Exercise:
Reproduce the records below in their entirety, exactly as shown.

Stored items:
[Start of Attachment]
Lemma gbin_inv m k : gbin x^-1 m k = x^-1 ^+ (k * (m - k)) * gbin x m k.
Proof.
have [hk|hk] := leqP k m; last by rewrite !gbin_gt // mulr0.
rewrite /gbin hk !qfact_inv -(subnKC hk) bin2D addKn !exprD.
by field; rewrite !qfact_neq0 ?expf_neq0 ?invr_eq0.
Qed.

End Inversion.

Section StepWeights.
Variable F : fieldType.
Variable x : F.
Hypothesis x_generic : qgeneric x.
Local Notation c := (cfcoef x).

Lemma cfcoef_even a : c a.*2 = x * gbin x a.+1 2.
Proof. by rewrite /cfcoef odd_double half_double. Qed.

Lemma cfcoef_odd a : c a.*2.+1 = gbin x a.+2 2.
Proof. by rewrite /cfcoef /= odd_double half_double. Qed.

Definition step_weight a b := x ^+ (b == a.+1) * (gbin x a.+1 b * gbin x b.+1 a).

Lemma step_weight_up a : step_weight a a.+1 = c a.*2.+2.
Proof.
by rewrite /step_weight eqxx expr1 gbin_nn // mul1r -doubleS cfcoef_even gbin_SS2.
Qed.

Lemma step_weight_down a : step_weight a.+1 a = c a.*2.+1.
Proof.
by rewrite /step_weight (ltn_eqF (leqnSn a.+1)) expr0 mul1r gbin_nn // mulr1 cfcoef_odd gbin_SS2.
Qed.

(* [a+1]_x^2 = x [a+1 choose 2]_x + [a+2 choose 2]_x. *)
Lemma step_weight_level a : step_weight a a = c a.*2 + c a.*2.+1.
Proof.
rewrite /step_weight (ltn_eqF (ltnSn a)) expr0 mul1r gbin_Sn // cfcoef_even cfcoef_odd.
case: a => [|a]; first by rewrite gbin_gt // mulr0 add0r gbin_nn // qint1 // mulr1.
have h1 : 1 - x != 0 by rewrite -(expr1 x) x_generic.
have h2 : 1 - x * x != 0 by rewrite -expr2 x_generic.
rewrite !gbin_SS2 !gbin_SSn // /qint !exprS expr0 mulr1.
by field; rewrite h1 h2.
Qed.

Lemma step_weight_far a b : (a.+1 < b)%N || (b.+1 < a)%N -> step_weight a b = 0.
Proof.
case/orP => h; rewrite /step_weight; first by rewrite (gbin_gt x h) mul0r mulr0.
by rewrite (@gbin_gt _ x b.+1 a h) !mulr0.
Qed.

End StepWeights.

(* The exponent of q contributed by index k to a term of the CFR formula. *)
Definition cfr_exponent k a b : int := (k%:Z - a%:Z) * (1 - a%:Z + b%:Z).

(* A potential on (time, height) whose increments absorb the exponents. *)
Definition potential k a : int := (k * a)%:Z - ('C(a, 2))%:Z.

(* For neighbouring heights, the q-exponents of a step after inversion are
   the increment of the potential, plus 1 for a step up. *)
Lemma exponent_identity k a b : (b <= a.+1)%N -> (a <= b.+1)%N ->
  k%:Z - cfr_exponent k a b - (b * (a.+1 - b))%N%:Z - (a * (b.+1 - a))%N%:Z
  = potential k a - potential k.+1 b + (b == a.+1)%N%:Z.
Proof.
move=> hb ha; rewrite /potential /cfr_exponent.
have : b = a.+1 \/ b = a \/ b.+1 = a by lia.
case=> [->|[->|<-]].
- have [-> ->] : a.+1 == a.+1 /\ (a.+2 - a = 2)%N by split; lia.
  by rewrite subnn muln0 bin2S; lia.
- have [-> ->] : a == a.+1 = false /\ (a.+1 - a = 1)%N by split; lia.
  lia.
- have [-> ->] : b == b.+2 = false /\ (b.+2 - b = 2)%N by split; lia.
  by rewrite subnn muln0 bin2S; lia.
Qed.

Section WalkModel.
Variable F : fieldType.
Variable x : F.
Hypothesis x_neq0 : x != 0.
Hypothesis x_generic : qgeneric x.

Lemma step_weight_inv k a b :
  x ^+ k * x^-1 ^ cfr_exponent k a b * (gbin x^-1 a.+1 b * gbin x^-1 b.+1 a)
  = x ^ (potential k a - potential k.+1 b) * step_weight x a b.
Proof.
have [far|/norP[]] := boolP ((a.+1 < b) || (b.+1 < a))%N.
  rewrite step_weight_far // mulr0.
  by case/orP: far => h; rewrite (gbin_gt _ h) ?mul0r ?mulr0.
rewrite -!leqNgt => hb ha.
rewrite !gbin_inv // !exprVn !exprnN exprz_inv (exprnP x k) /step_weight.
rewrite (exprnP x (b == a.+1)) [RHS]mulrA -expfzDr // -exponent_identity //.
by rewrite !expfzDr //; ring.
Qed.

(* The CFR term of a height sequence g with g_0 = g_(m+1) = 0, after the
   substitution q -> 1/q and multiplication by q^(m(m+1)/2), is the product
   of the step weights along g: the potentials telescope. *)
Lemma cfr_term_inv m (g : nat -> nat) : g 0%N = 0%N -> g m.+1 = 0%N ->
  x ^+ ((m.+1 * m) %/ 2)
  * (x^-1 ^ (\sum_(1 <= k < m.+1) cfr_exponent k (g k) (g k.+1))
     * \prod_(1 <= k < m.+1) gbin x^-1 (1 + g k.-1) (g k)
     * \prod_(1 <= k < m.+1) gbin x^-1 (1 + g k.+1) (g k))
  = \prod_(k < m.+1) step_weight x (g k) (g k.+1).
Proof.
move=> g0 gm; have xV_neq0 : x^-1 != 0 by rewrite invr_eq0.
have xV_generic := qgenericV x_neq0 x_generic.
have triangle : x ^+ ((m.+1 * m) %/ 2) = \prod_(k < m.+1) x ^+ k.
  rewrite divn2 -bin2 -bin2_sum big_mkord.
  by rewrite (big_morph (fun n => x ^+ n) (exprD x) (expr0 x)).
have exps : x^-1 ^ (\sum_(1 <= k < m.+1) cfr_exponent k (g k) (g k.+1))
          = \prod_(k < m.+1) x^-1 ^ cfr_exponent k (g k) (g k.+1).
  rewrite (big_morph (fun z : int => x^-1 ^ z) (fun a b => expfzDr a b xV_neq0) (expr0z _)).
  rewrite -(big_mkord xpredT (fun k => x^-1 ^ cfr_exponent k (g k) (g k.+1))).
  by rewrite [RHS]big_ltn // g0 /cfr_exponent mul0r expr0z mul1r.
have below : \prod_(1 <= k < m.+1) gbin x^-1 (1 + g k.-1) (g k)
           = \prod_(k < m.+1) gbin x^-1 (g k).+1 (g k.+1).
  rewrite big_add1 /= -(big_mkord xpredT (fun k => gbin x^-1 (g k).+1 (g k.+1))).
  by rewrite big_nat_recr // gm (gbin_n0 xV_generic) Monoid.mulm1; apply: eq_bigr.
have above : \prod_(1 <= k < m.+1) gbin x^-1 (1 + g k.+1) (g k)
           = \prod_(k < m.+1) gbin x^-1 (g k.+1).+1 (g k).
  rewrite -(big_mkord xpredT (fun k => gbin x^-1 (g k.+1).+1 (g k))).
  by rewrite [RHS]big_ltn // g0 (gbin_n0 xV_generic) mul1r.
rewrite triangle exps below above -!big_split /=.
under eq_bigr do rewrite !mulrA -mulrA step_weight_inv.
rewrite big_split /= -(big_morph (fun z : int => x ^ z) (fun a b => expfzDr a b x_neq0) (expr0z _)).
rewrite -(big_mkord xpredT (fun k => potential k (g k) - potential k.+1 (g k.+1))).
rewrite (telescope_sumr_eq (fun k => - potential k (g k))) //; last first.
  by move=> k _; rewrite opprK addrC.
by rewrite g0 gm /potential !muln0 bin0n subrr expr0z mul1r.
Qed.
[End of Attachment]
Written answer:
Lemma gbin_inv m k : gbin x^-1 m k = x^-1 ^+ (k * (m - k)) * gbin x m k.
Proof.
have [hk|hk] := leqP k m; last by rewrite !gbin_gt // mulr0.
rewrite /gbin hk !qfact_inv -(subnKC hk) bin2D addKn !exprD.
by field; rewrite !qfact_neq0 ?expf_neq0 ?invr_eq0.
Qed.

End Inversion.

Section StepWeights.
Variable F : fieldType.
Variable x : F.
Hypothesis x_generic : qgeneric x.
Local Notation c := (cfcoef x).

Lemma cfcoef_even a : c a.*2 = x * gbin x a.+1 2.
Proof. by rewrite /cfcoef odd_double half_double. Qed.

Lemma cfcoef_odd a : c a.*2.+1 = gbin x a.+2 2.
Proof. by rewrite /cfcoef /= odd_double half_double. Qed.

Definition step_weight a b := x ^+ (b == a.+1) * (gbin x a.+1 b * gbin x b.+1 a).

Lemma step_weight_up a : step_weight a a.+1 = c a.*2.+2.
Proof.
by rewrite /step_weight eqxx expr1 gbin_nn // mul1r -doubleS cfcoef_even gbin_SS2.
Qed.

Lemma step_weight_down a : step_weight a.+1 a = c a.*2.+1.
Proof.
by rewrite /step_weight (ltn_eqF (leqnSn a.+1)) expr0 mul1r gbin_nn // mulr1 cfcoef_odd gbin_SS2.
Qed.

(* [a+1]_x^2 = x [a+1 choose 2]_x + [a+2 choose 2]_x. *)
Lemma step_weight_level a : step_weight a a = c a.*2 + c a.*2.+1.
Proof.
rewrite /step_weight (ltn_eqF (ltnSn a)) expr0 mul1r gbin_Sn // cfcoef_even cfcoef_odd.
case: a => [|a]; first by rewrite gbin_gt // mulr0 add0r gbin_nn // qint1 // mulr1.
have h1 : 1 - x != 0 by rewrite -(expr1 x) x_generic.
have h2 : 1 - x * x != 0 by rewrite -expr2 x_generic.
rewrite !gbin_SS2 !gbin_SSn // /qint !exprS expr0 mulr1.
by field; rewrite h1 h2.
Qed.

Lemma step_weight_far a b : (a.+1 < b)%N || (b.+1 < a)%N -> step_weight a b = 0.
Proof.
case/orP => h; rewrite /step_weight; first by rewrite (gbin_gt x h) mul0r mulr0.
by rewrite (@gbin_gt _ x b.+1 a h) !mulr0.
Qed.

End StepWeights.

(* The exponent of q contributed by index k to a term of the CFR formula. *)
Definition cfr_exponent k a b : int := (k%:Z - a%:Z) * (1 - a%:Z + b%:Z).

(* A potential on (time, height) whose increments absorb the exponents. *)
Definition potential k a : int := (k * a)%:Z - ('C(a, 2))%:Z.

(* For neighbouring heights, the q-exponents of a step after inversion are
   the increment of the potential, plus 1 for a step up. *)
Lemma exponent_identity k a b : (b <= a.+1)%N -> (a <= b.+1)%N ->
  k%:Z - cfr_exponent k a b - (b * (a.+1 - b))%N%:Z - (a * (b.+1 - a))%N%:Z
  = potential k a - potential k.+1 b + (b == a.+1)%N%:Z.
Proof.
move=> hb ha; rewrite /potential /cfr_exponent.
have : b = a.+1 \/ b = a \/ b.+1 = a by lia.
case=> [->|[->|<-]].
- have [-> ->] : a.+1 == a.+1 /\ (a.+2 - a = 2)%N by split; lia.
  by rewrite subnn muln0 bin2S; lia.
- have [-> ->] : a == a.+1 = false /\ (a.+1 - a = 1)%N by split; lia.
  lia.
- have [-> ->] : b == b.+2 = false /\ (b.+2 - b = 2)%N by split; lia.
  by rewrite subnn muln0 bin2S; lia.
Qed.

Section WalkModel.
Variable F : fieldType.
Variable x : F.
Hypothesis x_neq0 : x != 0.
Hypothesis x_generic : qgeneric x.

Lemma step_weight_inv k a b :
  x ^+ k * x^-1 ^ cfr_exponent k a b * (gbin x^-1 a.+1 b * gbin x^-1 b.+1 a)
  = x ^ (potential k a - potential k.+1 b) * step_weight x a b.
Proof.
have [far|/norP[]] := boolP ((a.+1 < b) || (b.+1 < a))%N.
  rewrite step_weight_far // mulr0.
  by case/orP: far => h; rewrite (gbin_gt _ h) ?mul0r ?mulr0.
rewrite -!leqNgt => hb ha.
rewrite !gbin_inv // !exprVn !exprnN exprz_inv (exprnP x k) /step_weight.
rewrite (exprnP x (b == a.+1)) [RHS]mulrA -expfzDr // -exponent_identity //.
by rewrite !expfzDr //; ring.
Qed.

(* The CFR term of a height sequence g with g_0 = g_(m+1) = 0, after the
   substitution q -> 1/q and multiplication by q^(m(m+1)/2), is the product
   of the step weights along g: the potentials telescope. *)
Lemma cfr_term_inv m (g : nat -> nat) : g 0%N = 0%N -> g m.+1 = 0%N ->
  x ^+ ((m.+1 * m) %/ 2)
  * (x^-1 ^ (\sum_(1 <= k < m.+1) cfr_exponent k (g k) (g k.+1))
     * \prod_(1 <= k < m.+1) gbin x^-1 (1 + g k.-1) (g k)
     * \prod_(1 <= k < m.+1) gbin x^-1 (1 + g k.+1) (g k))
  = \prod_(k < m.+1) step_weight x (g k) (g k.+1).
Proof.
move=> g0 gm; have xV_neq0 : x^-1 != 0 by rewrite invr_eq0.
have xV_generic := qgenericV x_neq0 x_generic.
have triangle : x ^+ ((m.+1 * m) %/ 2) = \prod_(k < m.+1) x ^+ k.
  rewrite divn2 -bin2 -bin2_sum big_mkord.
  by rewrite (big_morph (fun n => x ^+ n) (exprD x) (expr0 x)).
have exps : x^-1 ^ (\sum_(1 <= k < m.+1) cfr_exponent k (g k) (g k.+1))
          = \prod_(k < m.+1) x^-1 ^ cfr_exponent k (g k) (g k.+1).
  rewrite (big_morph (fun z : int => x^-1 ^ z) (fun a b => expfzDr a b xV_neq0) (expr0z _)).
  rewrite -(big_mkord xpredT (fun k => x^-1 ^ cfr_exponent k (g k) (g k.+1))).
  by rewrite [RHS]big_ltn // g0 /cfr_exponent mul0r expr0z mul1r.
have below : \prod_(1 <= k < m.+1) gbin x^-1 (1 + g k.-1) (g k)
           = \prod_(k < m.+1) gbin x^-1 (g k).+1 (g k.+1).
  rewrite big_add1 /= -(big_mkord xpredT (fun k => gbin x^-1 (g k).+1 (g k.+1))).
  by rewrite big_nat_recr // gm (gbin_n0 xV_generic) Monoid.mulm1; apply: eq_bigr.
have above : \prod_(1 <= k < m.+1) gbin x^-1 (1 + g k.+1) (g k)
           = \prod_(k < m.+1) gbin x^-1 (g k.+1).+1 (g k).
  rewrite -(big_mkord xpredT (fun k => gbin x^-1 (g k.+1).+1 (g k))).
  by rewrite [RHS]big_ltn // g0 (gbin_n0 xV_generic) mul1r.
rewrite triangle exps below above -!big_split /=.
under eq_bigr do rewrite !mulrA -mulrA step_weight_inv.
rewrite big_split /= -(big_morph (fun z : int => x ^ z) (fun a b => expfzDr a b x_neq0) (expr0z _)).
rewrite -(big_mkord xpredT (fun k => potential k (g k) - potential k.+1 (g k.+1))).
rewrite (telescope_sumr_eq (fun k => - potential k (g k))) //; last first.
  by move=> k _; rewrite opprK addrC.
by rewrite g0 gm /potential !muln0 bin0n subrr expr0z mul1r.
Qed.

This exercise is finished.